Problem requirements
Look below for the line containing "by (intros y Hy; exact" and the line containing "rewrite <- Hn;"; repeat exactly those two lines and all lines between them, and nothing else.

Extracted data
________________
Lemma Forall_tag_ok_add_item_at P i x l :
  Forall tag_ok P -> nth i P (0, false) = (l, true) -> 1/3 < x ->
  Forall tag_ok (add_item_at P i x).
Proof.
  revert i; induction P as [|[a s] P IH]; intros [|i] HP Hn Hx; simpl in Hn;
    try discriminate; inversion_clear HP as [|? ? Ha HP']; simpl.
  - injection Hn as -> ->; constructor; [unfold tag_ok in *; simpl in *; lra | exact HP'].
  - constructor; eauto.
Qed.

Variant tagged_step_spec (P : list (R * bool)) (x : R) : list (R * bool) -> Prop :=
  | TaggedOpen :
      (forall y, In y (singles P) -> 1 < y + x) ->
      tagged_step_spec P x (P ++ [(x, true)])
  | TaggedClose l P' :
      l + x <= 1 ->
      (forall y, In y (singles P) -> y + x <= 1 -> y <= l) ->
      Permutation (singles P) (l :: singles P') ->
      length P' = length P -> Forall tag_ok P' ->
      tagged_step_spec P x P'.

(** A bin holding two items has load above [2/3], so an item above [1/3] can
    only join a single-item bin. *)
Lemma tagged_stepP P x :
  Forall tag_ok P -> 1/3 < x -> tagged_step_spec P x (tagged_step P x).
Proof.
  intros HP Hx.
  assert (Hin : forall y, In y (singles P) -> In y (map fst P))
    by (intros y Hy; exact (in_map fst _ _ (in_singles P y Hy))).
  unfold tagged_step; destruct (best_bin (map fst P) x) as [i|] eqn:E.
  - destruct (best_bin_some _ _ _ E) as [Hi [Hfit Hmax]].
    rewrite length_map in Hi.
    rewrite (map_nth fst P (0, false)) in Hfit, Hmax.
    destruct (nth i P (0, false)) as [l s] eqn:Hn; simpl in Hfit, Hmax.
    assert (Hok : tag_ok (l, s)).
    { rewrite <- Hn; exact (proj1 (Forall_forall _ _) HP _ (nth_In P _ Hi)). }
    destruct s; unfold tag_ok in Hok; simpl in Hok; [|lra].
    apply (TaggedClose P x l).
    + exact Hfit.
    + intros y Hy; apply Hmax, Hin, Hy.
    + apply singles_add_item_at, Hn.
    + apply length_add_item_at.
    + exact (Forall_tag_ok_add_item_at P i x l HP Hn Hx).
  - apply TaggedOpen; intros y Hy; exact (best_bin_none _ _ E y (Hin y Hy)).
Qed.

Definition incompatible (a b : R) : Prop := 1 < a + b.

Lemma incompatible_sym a b : incompatible a b -> incompatible b a.
Proof. unfold incompatible; lra. Qed.

(** Each bin holds one or two items, [n] of them in total. *)
Definition bf_inv (n : nat) (P : list (R * bool)) : Prop :=
  Forall tag_ok P /\ ForallOrdPairs incompatible (singles P) /\
  (2 * length P = n + length (singles P))%nat.

Lemma bf_inv_step n P x : bf_inv n P -> 1/3 < x -> bf_inv (S n) (tagged_step P x).
Proof.
  intros [HF [Hinc Hcount]] Hx; unfold bf_inv.
  destruct (tagged_stepP P x HF Hx) as [Hopen | l P' _ _ HP Hlen HF'].
  - rewrite singles_snoc; repeat split.
    + apply Forall_app; split; [exact HF | constructor; [exact Hx | constructor]].
    + apply ForallOrdPairs_snoc; [exact Hinc|].
      apply Forall_forall; exact Hopen.
    + rewrite !length_app; simpl; lia.
  - assert (Hinc' := ForallOrdPairs_perm _ _ incompatible_sym _ _ HP Hinc).
    inversion_clear Hinc' as [|? ? _ Hinc''].
    assert (Hs := Permutation_length HP); simpl in Hs.
    repeat split; auto; lia.
Qed.

Lemma dominates_step n P P' x x' :
  bf_inv n P -> bf_inv n P' -> dominates (singles P) (singles P') ->
  1/3 < x -> x <= x' ->
  dominates (singles (tagged_step P x)) (singles (tagged_step P' x')).
Proof.
  intros [HF [_ Hcount]] [HF' [Hinc' Hcount']] HD Hx Hxx.
  destruct (tagged_stepP P x HF Hx) as [Hopen | l Q _ Hmax HP _ _];
  destruct (tagged_stepP P' x' HF' ltac:(lra)) as [Hopen' | l' Q' Hfit' _ HP' _ _].
  - rewrite !singles_snoc; exact (dominates_snoc _ _ _ _ HD Hxx).
  - rewrite singles_snoc.
    assert (Hgt : forall y, In y (singles P) -> l' < y)
      by (intros y Hy; specialize (Hopen y Hy); lra).
    assert (Hge : forall y, In y (singles Q') -> x <= y).
    { apply ForallOrdPairs_perm with (1 := incompatible_sym) (2 := HP') in Hinc'.
      inversion_clear Hinc' as [|? ? Hl' _].
      intros y Hy; assert (H := proj1 (Forall_forall _ _) Hl' y Hy).
      unfold incompatible in H; lra. }
    assert (Hle := dominates_length l' _ _ (dominates_remove_below _ _ _ _ HD HP' Hgt) Hgt).
    assert (Hs := Permutation_length HP'); simpl in Hs.
    apply (dominates_open_close _ _ _ _ _ HD HP' Hgt Hge); lia.
  - rewrite singles_snoc; apply dominates_snoc_r; exact (dominates_remove_l _ _ _ _ HD HP).
  - apply (dominates_remove_pair _ _ _ _ _ _ (1 - x) HD HP HP').
    + intros y Hy Hyx; apply Hmax; [exact Hy | lra].
    + lra.
Qed.

Definition bf_sim (n : nat) (P P' : list (R * bool)) : Prop :=
  bf_inv n P /\ bf_inv n P' /\ dominates (singles P) (singles P').

Lemma bf_sim_step n P P' x x' :
  bf_sim n P P' -> 1/3 < x -> x <= x' ->
  bf_sim (S n) (tagged_step P x) (tagged_step P' x').
Proof.
  intros [Hinv [Hinv' HD]] Hx Hxx; split; [|split].
  - exact (bf_inv_step n P x Hinv Hx).
  - apply (bf_inv_step n P' x' Hinv'); lra.
  - exact (dominates_step n P P' x x' Hinv Hinv' HD Hx Hxx).
Qed.

Lemma bf_sim_fold I I' n P P' :
  length I = length I' -> (forall x, In x I -> 1/3 < x) ->
  (forall i, (i < length I)%nat -> nth i I 0 <= nth i I' 0) ->
  bf_sim n P P' ->
  bf_sim (n + length I) (fold_left tagged_step I P) (fold_left tagged_step I' P').
Proof.
  revert I' n P P'; induction I as [|x I IH]; intros [|x' I'] n P P' Hlen Hx Hle Hsim;
    simpl in Hlen |- *; try discriminate; [rewrite Nat.add_0_r; exact Hsim|].
  rewrite <- Nat.add_succ_comm.
  apply IH; auto with datatypes.
  - intros i Hi; apply (Hle (S i)); simpl; lia.
  - apply bf_sim_step; [exact Hsim | auto with datatypes | apply (Hle 0%nat); simpl; lia].
Qed.

Theorem proposition7 (I I' : list R) :
  length I = length I' ->
  (forall x, In x I -> 1/3 < x <= 1) ->
  (forall x, In x I' -> 0 < x <= 1) ->
  (forall i, (i < length I)%nat -> nth i I 0 <= nth i I' 0) ->
  (BF I <= BF I')%nat.
Proof.
  intros Hlen HI _ Hle.
  assert (Hsim : bf_sim (0 + length I) (fold_left tagged_step I [])
                                       (fold_left tagged_step I' [])).
  { apply bf_sim_fold; auto.
    - intros x Hx; apply HI, Hx.
    - repeat split; try constructor; intros t; apply le_n. }
  destruct Hsim as [[HF [_ Hcount]] [[_ [_ Hcount']] HD]].
  assert (Hs := dominates_length (1/3) _ _ HD (fun y => singles_gt _ y HF)).
  unfold BF, bf_loads.
  change (@nil R) with (map fst (@nil (R * bool))).
  rewrite <- !map_fst_fold_tagged_step, !length_map; lia.
Qed.
Definition fixed_ring (one : G -> R) (beta : G -> R -> R) (r : R) : Prop :=
  fixed_sub one beta [set: G] r.

Definition beta_galois (one : G -> R) (beta : G -> R -> R) : Prop :=
  exists m (xs ys : 'I_m -> R),
    forall g : G,
      \sum_(i < m) xs i * beta g (ys i * one (inv g)) =
      (if g \in gidents mul inv then one g else 0).

End Action.

(* An element of R (x)_S R is represented by a finite list of pairs
   (a_j, b_j) standing for sum_j a_j (x) b_j.  Two representatives are
   equal in R (x)_S R iff every S-balanced biadditive map into an
   abelian group takes the same value on them (universal property of
   the tensor product). *)

Section Tensor.
Variable (R : nzRingType) (S : R -> Prop).

Definition balanced (M : zmodType) (f : R -> R -> M) : Prop :=
  (((forall a a' b, f (a + a') b = f a b + f a' b)) /\ ((forall a b b', f a (b + b') = f a b + f a b')) /\ ((forall a s b, S s -> f (a * s) b = f a (s * b)))).

Definition tens_eval (M : zmodType) (f : R -> R -> M) (t : seq (R * R)) : M :=
  \sum_(p <- t) f p.1 p.2.

Definition tens_eq (t t' : seq (R * R)) : Prop :=
  forall (M : zmodType) (f : R -> R -> M), balanced f ->
    tens_eval f t = tens_eval f t'.

Definition tens_lmul (r : R) (t : seq (R * R)) : seq (R * R) :=
  [seq (r * p.1, p.2) | p <- t].
Definition tens_rmul (t : seq (R * R)) (r : R) : seq (R * R) :=
  [seq (p.1, p.2 * r) | p <- t].

(* R (x)_S R is isomorphic, as an R-R-bimodule, to a direct summand of
   R^n for some n; i.e. there are R-R-bimodule maps
   phi : R (x)_S R -> R^n and psi : R^n -> R (x)_S R with psi o phi = id.
   phi is given by the S-balanced map (a,b) |-> phi a b with
   phi (r a) b = r phi a b, phi a (b r) = phi a b r (componentwise). *)
Definition hirata_separable : Prop :=
  exists n (phi : R -> R -> 'I_n -> R) (psi : ('I_n -> R) -> seq (R * R)),
    (((forall i, balanced (fun a b => phi a b i))) /\ ((forall r a b i, phi (r * a) b i = r * phi a b i)) /\ ((forall r a b i, phi a (b * r) i = phi a b i * r)) /\ ((forall x y, tens_eq (psi (fun i => x i + y i)) (psi x ++ psi y))) /\ ((forall r x, tens_eq (psi (fun i => r * x i)) (tens_lmul r (psi x)))) /\ ((forall r x, tens_eq (psi (fun i => x i * r)) (tens_rmul (psi x) r))) /\ ((forall a b, tens_eq (psi (phi a b)) [:: (a, b)]))).

End Tensor.

From Pilot Require Import Defs.
From HB Require Import structures.
From mathcomp Require Import all_boot all_order all_algebra.

Set Implicit Arguments.
Unset Strict Implicit.
Unset Printing Implicit Defensive.
Import GRing.Theory.
Local Open Scope ring_scope.
(* Let $0<\alpha<1$ and $\epsilon\ge 0$. For $i\in[l]$ let $\rho_i$ be a quantum state on a finite-dimensional Hilbert space $\mathcal H$ and $\Pi_i$ an orthogonal projector on $\mathcal H$ with $\operatorname{Tr}[\Pi_i\rho_i]\ge 1-\epsilon$. Let $\tilde{\mathcal H}=\mathcal H\oplus\mathcal H_1\oplus\cdots\oplus\mathcal H_l$ be as in the context, and view operators on $\mathcal H$ as operators on $\tilde{\mathcal H}$ via the identity embedding. Then there is an orthogonal projector $\hat\Pi$ on $\tilde{\mathcal H}$ such that $\operatorname{Tr}[\hat\Pi\rho_i]\ge 1-\epsilon-\alpha$ for all $i\in[l]$, and for every state $\sigma$ on $\mathcal H$, $$\operatorname{Tr}[\hat\Pi\sigma]\ \le\ \frac{1-\alpha}{\alpha}\sum_{i\in[l]}\operatorname{Tr}[\Pi_i\sigma].$$
   Context: $\mathcal{H}_1,\ldots,\mathcal{H}_l$ are Hilbert spaces each of dimension $\dim\mathcal{H}$ and $\tilde{\mathcal{H}}:=\mathcal{H}\oplus\mathcal{H}_1\oplus\cdots\oplus\mathcal{H}_l$ is the orthogonal direct sum. *)

(* Scalars: an arbitrary numClosedFieldType C (e.g. algC),
   i.e. an algebraically closed field with an order/norm and conjugation. *)
From mathcomp Require Import all_boot all_order all_algebra.
Set Implicit Arguments. Unset Strict Implicit. Unset Printing Implicit Defensive.
Import Order.TTheory GRing.Theory Num.Theory.
Local Open Scope ring_scope.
________________
Written response
    by (intros y Hy; exact (in_map fst _ _ (in_singles P y Hy))).
  unfold tagged_step; destruct (best_bin (map fst P) x) as [i|] eqn:E.
  - destruct (best_bin_some _ _ _ E) as [Hi [Hfit Hmax]].
    rewrite length_map in Hi.
    rewrite (map_nth fst P (0, false)) in Hfit, Hmax.
    destruct (nth i P (0, false)) as [l s] eqn:Hn; simpl in Hfit, Hmax.
    assert (Hok : tag_ok (l, s)).
    { rewrite <- Hn; exact (proj1 (Forall_forall _ _) HP _ (nth_In P _ Hi)). }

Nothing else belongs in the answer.